Спустя три дня поздно вечером в дом мадам Босс постучали. Хозяйка открыла дверь и увидела незнакомого мужчину, который ей заговорщицки подмигнул и попросился войти. Гостем был сослуживец капитана Дебре, подосланный к ведьме с целью обычной провокации. Он попросил смертоносный порошок, который якобы намеревался подсыпать своей законной супруге. По цене торговались недолго. Мадам Босс удалилась в соседнюю комнату, достала из платяного шкафа мешочек и запустила в него руку. В тот же миг вылетели оконные рамы. Ведьма так и застыла с мешочком в руках, испуганно вытаращив глаза на троих здоровенных детин. В мешке покоились пакетики со всевозможными порошками, большинство из которых несли кому-то смерть.

На первом же допросе мадам Босс не стала упрямиться и рассказала о своих сообщниках и сообщницах. Городская тюрьма начала активно пополняться все новыми и новыми ведьмами, колдуньями, ворожеями, из которых без особого труда выжимались откровенные признания.
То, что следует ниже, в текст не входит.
(* Let $A(t)$, $t>1$, be a family of complex $2\times 2$ matrices with $\det(A(t))=1$ for all $t$, and suppose there are a real number $\alpha$ and a nonzero complex $2\times 2$ matrix $B$ such that $A(t)=t^\alpha B+o(t^\alpha)$ as $t\to\infty$ (i.e. $t^{-\alpha}A(t)\to B$). Then, as $t\to\infty$, $\tilde R_{(\log t)^{-1}}([A(t)]_{\mathbb{C}^*})$ converges in $PSL_2(\mathbb{C})$ to $[e^\alpha B+e^{-\alpha}(B^{\mathbf c})^*]_{\mathbb{C}^*}$.
   Context: For a complex $2\times 2$ matrix $B=\begin{pmatrix}a&b\\ c&d\end{pmatrix}$ write $B^{\mathbf c}=\begin{pmatrix}d&-b\\ -c&a\end{pmatrix}$ and let $B^*$ denote the conjugate transpose. $\mathbb{C}P^3$ is the projectivization of the space of complex $2\times 2$ matrices, $[B]_{\mathbb{C}^*}$ the class of a nonzero matrix, and $PSL_2(\mathbb{C})\subset\mathbb{C}P^3$ the set of classes with nonzero determinant. For $h>0$, the map $\tilde R_h\colon PSL_2(\mathbb{C})\to PSL_2(\mathbb{C})$ is defined as follows: choose a representative $A$ with $\det(A)=1$, write its polar decomposition $A=PU$ with $P$ positive definite Hermitian and $U$ unitary, and set $\tilde R_h([A]_{\mathbb{C}^*})=[P^hU]_{\mathbb{C}^*}$, where $P^h$ is the positive definite power of $P$. *)

From HB Require Import structures.
From mathcomp Require Import all_boot all_order all_algebra.
From mathcomp Require Import all_classical all_reals all_analysis.
From mathcomp Require Import complex.
Set Implicit Arguments. Unset Strict Implicit. Unset Printing Implicit Defensive.
Import Order.TTheory GRing.Theory Num.Theory.
Import numFieldNormedType.Exports.
Local Open Scope classical_set_scope.
Local Open Scope ring_scope.

Section Defs.
Variable R : realType.
Local Notation C := (R[i]).
Local Notation M2 := ('M[C]_2).

Definition toC (x : R) : C := Complex x 0.

Definition cconj (z : C) : C := Complex (complex.Re z) (- complex.Im z).

Definition adjC (m n : nat) (B : 'M[C]_(m, n)) : 'M[C]_(n, m) :=
  \matrix_(i, j) cconj (B j i).

Definition cmx (B : M2) : M2 :=
  \matrix_(i < 2, j < 2)
    (if (i == 0) && (j == 0) then B 1 1
     else if (i == 0) && (j == 1) then - B 0 1
     else if (i == 1) && (j == 0) then - B 1 0
     else B 0 0).

Definition unitary (U : M2) : Prop := U *m adjC U = 1%:M.

Definition pos_def_herm (P : M2) : Prop :=
  adjC P = P /\
  forall v : 'cV[C]_2, v != 0 ->
    let q := (adjC v *m P *m v) 0 0 in complex.Im q = 0 /\ 0 < complex.Re q.

Definition rdiag2 (l1 l2 : R) : M2 :=
  \matrix_(i < 2, j < 2)
    (if i == j then (if i == 0 then toC l1 else toC l2) else 0).

Definition is_mxpow (P : M2) (h : R) (Q : M2) : Prop :=
  exists (V : M2) (l1 l2 : R),
    [/\ unitary V, 0 < l1, 0 < l2,
        P = V *m rdiag2 l1 l2 *m adjC V &
        Q = V *m rdiag2 (l1 `^ h) (l2 `^ h) *m adjC V].

Definition proj_eq (X Y : M2) : Prop :=
  X != 0 /\ exists c : C, c != 0 /\ Y = c *: X.

(* Rtilde h X Y : for h > 0,  Rtilde_h([X]) = [Y], where [X] is in PSL_2(C):
   choose A with [A] = [X], det A = 1, polar decomposition A = P U,
   and [Y] = [P^h U]. *)
Definition Rtilde (h : R) (X Y : M2) : Prop :=
  \det X != 0 /\
  exists A P U Q : M2,
    [/\ proj_eq X A, \det A = 1, pos_def_herm P, unitary U &
        [/\ A = P *m U, is_mxpow P h Q & proj_eq (Q *m U) Y]].

Definition ccvg (f : R -> C) (l : C) : Prop :=
  (complex.Re (f t) @[t --> +oo] --> complex.Re l) /\
  (complex.Im (f t) @[t --> +oo] --> complex.Im l).

Definition mx_cvg (F : R -> M2) (L : M2) : Prop :=
  forall i j : 'I_2, ccvg (fun t => F t i j) (L i j).

(* convergence in CP^3 of [F t] to [L] (L nonzero): some nonzero rescalings
   of representatives converge to L (quotient topology of C^4\{0} -> CP^3). *)
Definition proj_cvg (F : R -> M2) (L : M2) : Prop :=
  L != 0 /\
  exists c : R -> C, (\forall t \near +oo, c t != 0) /\
                     mx_cvg (fun t => c t *: F t) L.
End Defs.

From HB Require Import structures.
From mathcomp Require Import all_boot all_order all_algebra.
From mathcomp Require Import all_classical all_reals all_analysis.
From mathcomp Require Import complex.
From mathcomp Require Import ring lra.
Import Order.TTheory GRing.Theory Num.Theory.
Import numFieldNormedType.Exports.
Local Open Scope classical_set_scope.
Local Open Scope ring_scope.
Set Implicit Arguments. Unset Strict Implicit. Unset Printing Implicit Defensive.

(** Normalise the representative to [det A = 1] and write its polar decomposition
    A = P U with P = V diag(l, 1/l) V^*.  Then (A^c)^* = (A^-1)^* = P^-1 U, so
    P^h U = V diag(l^h, l^-h) V^* U lies on the pencil A + r (A^c)^* spanned by A
    and (A^c)^*.  Solving the 2x2 linear system for r gives r = |A|^(-2h) + O(h),
    where |A|^2 = l^2 + l^-2 is the squared Frobenius norm.  For h = 1 / ln t we
    have |A(t)|^(2h) -> e^(2 alpha), hence r -> e^(-2 alpha) and the rescaled
    pencil t^-alpha A(t) + r (t^-alpha A(t))^c* converges to B + e^(-2 alpha) (B^c)^* .
    The limit is invertible: det B >= 0 as a limit of t^(-2 alpha), and
    Re det (x B + y (B^c)^* ) = (x^2 + y^2) det B + x y |B|^2 > 0 for x, y > 0. *)

Section ComplexCoordinates.
Variable R : realType.
Local Notation C := R[i].
Implicit Types (x y z : C) (a : R).

Lemma complex_ReD x y : complex.Re (x + y) = complex.Re x + complex.Re y.
Proof. by case: x; case: y. Qed.
Lemma complex_ImD x y : complex.Im (x + y) = complex.Im x + complex.Im y.
Proof. by case: x; case: y. Qed.
Lemma complex_ReN x : complex.Re (- x) = - complex.Re x. Proof. by case: x. Qed.
Lemma complex_ImN x : complex.Im (- x) = - complex.Im x. Proof. by case: x. Qed.
Lemma complex_ReM x y :
  complex.Re (x * y) = complex.Re x * complex.Re y - complex.Im x * complex.Im y.
Proof. by case: x; case: y. Qed.
Lemma complex_ImM x y :
  complex.Im (x * y) = complex.Re x * complex.Im y + complex.Im x * complex.Re y.
Proof. by case: x => a b; case: y => c d /=; ring. Qed.
Lemma Re_toC a : complex.Re (toC a) = a. Proof. by []. Qed.
Lemma Im_toC a : complex.Im (toC a) = 0. Proof. by []. Qed.
Lemma Re_cconj z : complex.Re (cconj z) = complex.Re z. Proof. by []. Qed.
Lemma Im_cconj z : complex.Im (cconj z) = - complex.Im z. Proof. by []. Qed.

Definition reimE :=
  (complex_ReD, complex_ImD, complex_ReN, complex_ImN, complex_ReM, complex_ImM,
   Re_toC, Im_toC, Re_cconj, Im_cconj).

Lemma complex_ext x y :
  complex.Re x = complex.Re y -> complex.Im x = complex.Im y -> x = y.
Proof. by case: x => a b; case: y => c d /= -> ->. Qed.

Lemma cconjE z : cconj z = (z^*)%C. Proof. by case: z. Qed.

Lemma cconj_toC a : cconj (toC a) = toC a.
Proof. by apply: complex_ext; rewrite !reimE ?oppr0. Qed.

Lemma cconjM x y : cconj (x * y) = cconj x * cconj y.
Proof. by rewrite !cconjE rmorphM. Qed.

Lemma toCM a (b : R) : toC (a * b) = toC a * toC b.
Proof. by apply: complex_ext; rewrite !reimE; ring. Qed.

Lemma toC_eq0 a : (toC a == 0) = (a == 0).
Proof. by rewrite -(inj_eq (@complexI R)). Qed.

End ComplexCoordinates.

Section Matrix2.
Variable R : realType.
Local Notation C := R[i].
Local Notation M2 := 'M[C]_2.
Implicit Types X Y N : M2.

Lemma ord2P (i : 'I_2) : i = 0 \/ i = 1.
Proof. by case: i => [[|[|//]] Hi]; [left | right]; apply: val_inj. Qed.

Lemma lift0_ord2 : lift ord0 ord0 = 1 :> 'I_2.
Proof. exact: val_inj. Qed.

Lemma matrix2P X Y :
  X 0 0 = Y 0 0 -> X 0 1 = Y 0 1 -> X 1 0 = Y 1 0 -> X 1 1 = Y 1 1 -> X = Y.
Proof.
move=> e00 e01 e10 e11; apply/matrixP => i j.
by have [->|->] := ord2P i; have [->|->] := ord2P j.
Qed.

Lemma mulmx2E X Y i j : (X *m Y) i j = X i 0 * Y 0 j + X i 1 * Y 1 j.
Proof. by rewrite mxE !big_ord_recl big_ord0 addr0 lift0_ord2. Qed.

Lemma det2E X : \det X = X 0 0 * X 1 1 - X 0 1 * X 1 0.
Proof.
rewrite (expand_det_row _ 0) !big_ord_recl big_ord0 addr0 /cofactor !det_mx11.
rewrite !mxE /= lift0_ord2 (_ : lift 1 0 = 0 :> 'I_2); last exact: val_inj.
by rewrite /bump /= expr0 expr1 mul1r mulN1r mulrN.
Qed.

Lemma trace2E X : \tr X = X 0 0 + X 1 1.
Proof. by rewrite /mxtrace !big_ord_recl big_ord0 addr0 lift0_ord2. Qed.

Lemma adjCE (m n : nat) (X : 'M[C]_(m, n)) i j : adjC X i j = cconj (X j i).
Proof. by rewrite mxE. Qed.

Lemma adjCK X : adjC (adjC X) = X.
Proof. by apply: matrix2P; rewrite !mxE !cconjE conjcK. Qed.

Lemma adjC1 : adjC (1%:M : M2) = 1%:M.
Proof. by apply: matrix2P; rewrite !mxE /= ?cconjE ?conjc0 ?conjc1. Qed.

Lemma adjCZ (c : C) X : adjC (c *: X) = cconj c *: adjC X.
Proof. by apply: matrix2P; rewrite !mxE !cconjE rmorphM. Qed.

Lemma adjC_mulmx X Y : adjC (X *m Y) = adjC Y *m adjC X.
Proof.
apply: matrix2P; rewrite !adjCE !mulmx2E !adjCE !cconjE rmorphD !rmorphM /=;
by rewrite mulrC [_ * _^*%C]mulrC.
Qed.

Lemma det_adjC X : \det (adjC X) = cconj (\det X).
Proof.
by rewrite !det2E !adjCE !cconjE rmorphB !rmorphM /= [(X 1 0)^*%C * _]mulrC.
Qed.

Lemma cmxZ (c : C) X : cmx (c *: X) = c *: cmx X.
Proof. by apply: matrix2P; rewrite !mxE /= ?mulrN. Qed.

Lemma mulmx_cmx X : X *m cmx X = (\det X)%:M.
Proof. by apply: matrix2P; rewrite !mulmx2E !mxE /= det2E ?mulr1n ?mulr0n; ring. Qed.

Lemma unitary_adjC_mulmx (U : M2) : unitary U -> adjC U *m U = 1%:M.
Proof. exact: mulmx1C. Qed.

Lemma adjC_cmx_eq X N : \det X = 1 -> adjC X *m N = 1%:M -> adjC (cmx X) = N.
Proof.
move=> detX XN; have linv : adjC (cmx X) *m adjC X = 1%:M.
  by rewrite -adjC_mulmx mulmx_cmx detX adjC1.
by rewrite -[LHS]mulmx1 -XN mulmxA linv mul1mx.
Qed.

Lemma sqr_eq1_cconj (c : C) : c ^+ 2 = 1 -> cconj c = c.
Proof.
by move/eqP; rewrite sqrf_eq1 => /orP[]/eqP->; apply: complex_ext; rewrite /= ?oppr0.
Qed.

Lemma unitaryZ (c : C) (U : M2) :
  c * cconj c = 1 -> unitary U -> unitary (c *: U).
Proof.
rewrite /unitary => cc uU.
by rewrite adjCZ -scalemxAl -scalemxAr scalerA cc scale1r uU.
Qed.

Definition frob2 X : R :=
  complex.Re (X 0 0) ^+ 2 + complex.Im (X 0 0) ^+ 2 +
  complex.Re (X 0 1) ^+ 2 + complex.Im (X 0 1) ^+ 2 +
  complex.Re (X 1 0) ^+ 2 + complex.Im (X 1 0) ^+ 2 +
  complex.Re (X 1 1) ^+ 2 + complex.Im (X 1 1) ^+ 2.

Lemma trace_mulmx_adjC X : \tr (X *m adjC X) = toC (frob2 X).
Proof.
by rewrite trace2E !mulmx2E !adjCE; apply: complex_ext; rewrite !reimE /frob2; ring.
Qed.

Definition pencil (r : R) X : M2 := X + toC r *: adjC (cmx X).

Lemma rdiag2_mul (a b c d : R) :
  rdiag2 a b *m rdiag2 c d = rdiag2 (a * c) (b * d) :> M2.
Proof.
by apply: matrix2P; rewrite !mulmx2E !mxE /=; apply: complex_ext; rewrite !reimE; ring.
Qed.

Lemma rdiag2_11 : rdiag2 1 1 = 1%:M :> M2.
Proof. by apply: matrix2P; rewrite !mxE. Qed.

Lemma det_rdiag2 (a b : R) : \det (rdiag2 a b : M2) = toC (a * b).
Proof. rewrite det2E !mxE /=; apply: complex_ext; rewrite !reimE; ring. Qed.

Lemma trace_rdiag2 (a b : R) : \tr (rdiag2 a b : M2) = toC (a + b).
Proof. rewrite trace2E !mxE /=; apply: complex_ext; rewrite !reimE; ring. Qed.

Lemma adjC_rdiag2 (a b : R) : adjC (rdiag2 a b : M2) = rdiag2 a b.
Proof.
by apply: matrix2P; rewrite !adjCE !mxE /=; apply: complex_ext; rewrite !reimE; ring.
Qed.

Lemma rdiag2_lincomb (k r a b c d : R) :
  toC k *: (rdiag2 a b + toC r *: rdiag2 c d) =
  rdiag2 (k * (a + r * c)) (k * (b + r * d)) :> M2.
Proof. apply: matrix2P; rewrite !mxE /=; apply: complex_ext; rewrite !reimE; ring. Qed.

Lemma frob2Z (x : R) X : frob2 (toC x *: X) = x ^+ 2 * frob2 X.
Proof. by rewrite /frob2 !mxE !reimE; ring. Qed.

Lemma frob2_gt0 X : X != 0 -> 0 < frob2 X.
Proof.
apply: contraNT; rewrite -leNgt /frob2 => frob_le0; apply/eqP.
have := sqr_ge0 (complex.Re (X 0 0)); have := sqr_ge0 (complex.Im (X 0 0)).
have := sqr_ge0 (complex.Re (X 0 1)); have := sqr_ge0 (complex.Im (X 0 1)).
have := sqr_ge0 (complex.Re (X 1 0)); have := sqr_ge0 (complex.Im (X 1 0)).
have := sqr_ge0 (complex.Re (X 1 1)); have := sqr_ge0 (complex.Im (X 1 1)).
move=> *; apply: matrix2P; rewrite !mxE; apply: complex_ext => /=;
by apply/eqP; rewrite -sqrf_eq0 eq_le sqr_ge0 andbT; lra.
Qed.
Lemma l1norm_embed_dual g : dual_elt F g -> l1norm (embed_dual g) = dualnorm F g.
Proof.
move=> hg; set S := [set `|g x| | x in [set x | F x /\ supnorm x <= 1]].
have ubS : ubound S (l1norm (embed_dual g)).
  by move=> _ [x [hx hx1] <-]; exact: dual_le_l1norm_embed.
apply/le_anti/andP; split; last first.
  apply: ge_sup ubS; exists `|g (fun _ => 0)|, (fun _ => 0); split.
    exact: (fspan_lin_closed v).1.
  by apply: supnorm_le => m; rewrite normr0.
apply: l1norm_le (@l1_embed_dual g) _ => M.
pose y k := Num.sg (embed_dual g k).
have y1 k : `|y k| <= 1 by rewrite normr_sg; case: (_ != _).
have -> : \sum_(k < M) `|embed_dual g k| = g (norming_elt M y).
  by rewrite dual_norming_elt //; apply: eq_bigr => k _; rewrite normrEsg mulrC.
apply: le_trans (ler_norm _) _.
apply: ub_le_sup; first by exists (l1norm (embed_dual g)).
exists (norming_elt M y) => //.
by split; [exact: fspan_span_elt | exact: norming_elt_le1].
Qed.

End FiniteSpan.

Theorem theorem4p15 (R : realType) (n : nat) (v : 'I_n -> nat -> R) :
  (forall i, c0 (v i)) ->
  is_ideal_in_c0 (fspan v) ->
  exists (k : nat) (T : ((nat -> R) -> R) -> (nat -> R)),
    [/\ (forall g, dual_elt (fspan v) g -> l1 (T g)),
        (forall g, dual_elt (fspan v) g -> l1norm (T g) = dualnorm (fspan v) g),
        (forall (s t : R) g h, dual_elt (fspan v) g -> dual_elt (fspan v) h ->
            T (fun x => s * g x + t * h x) = (fun m => s * T g m + t * T h m)) &
        k_strictly_convex k (T @` dual_elt (fspan v))].
Proof.
move=> v_c0 [P [[P_l1 P_lin P_idem P_sup] P_ker]].
have P_norm a : l1 a -> l1norm a <= 1 -> l1norm (P a) <= 1.
  move=> ha ha1; rewrite -P_sup.
  by apply: le_sup_neq0; [rewrite P_sup oner_neq0 | exists a].
have [N coord_span] := rows_mx_stable (coord_row v).
exists N, (embed_dual v N P); split.
- by move=> g _; exact: l1_embed_dual.
- by move=> g; exact: l1norm_embed_dual.
- by move=> s t g h _ _; exact: embed_dual_lin.
- apply: (k_strictly_convex_span (w := fun j => P (basis_seq j))) => _ [g _ <-].
  by exists (dual_coef v N g); exact: embed_dual_span.
Qed.
Lemma eventually_forall (F : finType) (P : F -> nat -> Prop) :
  (forall a, eventually (P a)) -> eventually (fun t => forall a, P a t).
Proof.
move=> /fin_all_exists [T HT]; exists (\max_a T a) => t le_t a.
exact/HT/(leq_trans (leq_bigmax a) le_t).
Qed.

Section Automaton.
Variable K : nat.

(* Memory of a node of degree d: its colors of rounds 0, 1, ..., L - 1, the
   bits received so far on each port, and the number of bits already sent on
   each port. *)
Definition memory (d : nat) : countType :=
  (seq nat * {ffun 'I_d -> seq bool} * {ffun 'I_d -> nat})%type.

Definition init_memory (d : nat) : memory d := ([::], [ffun => [::]], [ffun => 0]).

Definition output := option {ffun 'I_K -> rat}.

(* The next color, from the known colors cs and the list dec p decoded on
   each port p: the neighbour's port towards us followed by its colors. *)
Definition next_color d (xv : nat) (cs : seq nat) (dec : 'I_d -> seq nat) : nat :=
  if cs == [::] then pickle (xv, [::] : seq (nat * nat))
  else pickle (last 0 cs,
    [seq (nth 0 (dec p) (size cs), nth 0 (dec p) 0) | p <- enum 'I_d]).

Definition extend d (xv : nat) (cs : seq nat) (h : {ffun 'I_d -> seq bool}) :
    seq nat :=
  let dec p := decode (h p) in
  if [forall p, size cs < size (dec p)] then rcons cs (next_color xv cs dec) else cs.

Definition output_of (cs : seq nat) : output :=
  if cs == [::] then None else Some (estimate K (last 0 cs) (size cs).-1).

(* One round: store the incoming bits, extend the colors if possible, output
   the current estimate, and send on each port p the next bit of the code of
   p :: colors (so the neighbour learns its port back to us). *)
Definition step d (st : 'I_K * memory d * output * {ffun 'I_d -> option bool}) :
    'I_K * memory d * output * {ffun 'I_d -> option bool} :=
  let xi := st.1.1.1 in let cs := st.1.1.2.1.1 in
  let h := st.1.1.2.1.2 in let sent := st.1.1.2.2 in
  let h' := [ffun p => h p ++ seq_of_opt (st.2 p)] in
  let cs' := extend (val xi) cs h' in
  let code p := encl (val p :: cs') in
  (xi, (cs', h', [ffun p => sent p + (sent p < size (code p))]), output_of cs',
   [ffun p => if sent p < size (code p) then Some (nth false (code p) (sent p))
              else None]).

Definition proportion_automaton : automaton 'I_K output (option bool) memory :=
  @Automaton _ _ _ _ step (fun _ _ => erefl).

Section Run.
Variables (n : nat) (N : network n) (x : 'I_n -> 'I_K).

Definition state t i := exec proportion_automaton init_memory None None N x t i.
Definition colors t i := (state t i).1.1.2.1.1.
Definition received t i := (state t i).1.1.2.1.2.
Definition sent t i := (state t i).1.1.2.2.
Definition message t i := (state t i).2.

Lemma state_value t i : (state t i).1.1.1 = x i.
Proof. by elim: t. Qed.

Lemma received_step t i p : received t.+1 i p =
  received t i p ++ seq_of_opt (message t (nbr N i p) (back N i p)).
Proof. by rewrite /received /= !ffunE. Qed.

Lemma colors_step t i :
  colors t.+1 i = extend (values x i) (colors t i) (received t.+1 i).
Proof. by rewrite /colors /= state_value. Qed.

Lemma sent_step t i p : sent t.+1 i p =
  sent t i p + (sent t i p < size (encl (val p :: colors t.+1 i))).
Proof. by rewrite /sent /= ffunE. Qed.

Lemma message_step t i p : message t.+1 i p =
  let code := encl (val p :: colors t.+1 i) in
  if sent t i p < size code then Some (nth false code (sent t i p)) else None.
Proof. by rewrite /message /= ffunE. Qed.

Lemma output_step t i : (state t.+1 i).1.2 = output_of (colors t.+1 i).
Proof. by []. Qed.

Definition true_colors i L := [seq color N (values x) j i | j <- iota 0 L].
Definition stream i (q : nat) L := encl (q :: true_colors i L).

Lemma size_true_colors i L : size (true_colors i L) = L.
Proof. by rewrite size_map size_iota. Qed.

Lemma nth_true_colors i L j :
  j < L -> nth 0 (true_colors i L) j = color N (values x) j i.
Proof. by move=> lt_j; rewrite (nth_map 0) ?size_iota // nth_iota. Qed.

Lemma true_colorsS i L :
  true_colors i L.+1 = rcons (true_colors i L) (color N (values x) L i).
Proof. by rewrite /true_colors -addn1 iotaD map_cat cats1. Qed.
Среди клиентов всей этой «нечисти» оказалась и парижская знать. Скажем, мадам де Пулайон, графиня Рурская, виконтесса де Полиньяк, племянницы Мазарини, жены некоторых парижских судей. Упомянули и Расина, который якобы заказал смерть своей любовницы Дю Парк. В ход шли порошки, свечи, выделяющие при горении ядовитое вещество, мутные растворы, трава, внешне напоминающая лечебную растительность.

Смертоносные интриги достигли даже королевского окружения. Ведьмы охотно упоминали имена не только жертв, но и самих заказчиков. Назревал крупный скандал. Король Франции быстро учредил особый суд, который окрестили «Огненной палатой». Судьи поклялись хранить в строжайшей тайне все то, о чем упоминали подсудимые. «Огненная палата» отправила на костер более десяти ведьм. Не оставалась пустой и камера пыток. Палач добросовестно выбивал даже то, чего и не было.

В середине 1679 года арестовали мадам Дезейе (Монвуазен). Она нисколько не напоминала ведьму, тем не менее разгоряченные судьи начали допрашивать ее с пристрастием. Средь ясного неба ударил гром. Монвуазеы готовила яд для самого Людовика XIV! «Огненная палата» заволновалась и решила допросить ведьму с особым пристрастием.

Монвуазен рассказывала об абортах, умерщвлении младенцев, черных мессах. В ее доме ставились дерзкие химические опыты. Ведьма обрабатывала таинственной жидкостью принесенное ей белье, одев которое жертва должна бала погибнуть через два-три дня. Таким же образом отравлялись перчатки, обувь, губная помада, духи. Что же было приготовлено королю, оставалось загадкой. Едва в судейском вопросе фигурировало имя Людовика или кого-нибудь из его свиты, как Монвуазен замолкала и прикидывалась дурочкой. В конце концов она очутилась в камере пыток дворца Арсенал.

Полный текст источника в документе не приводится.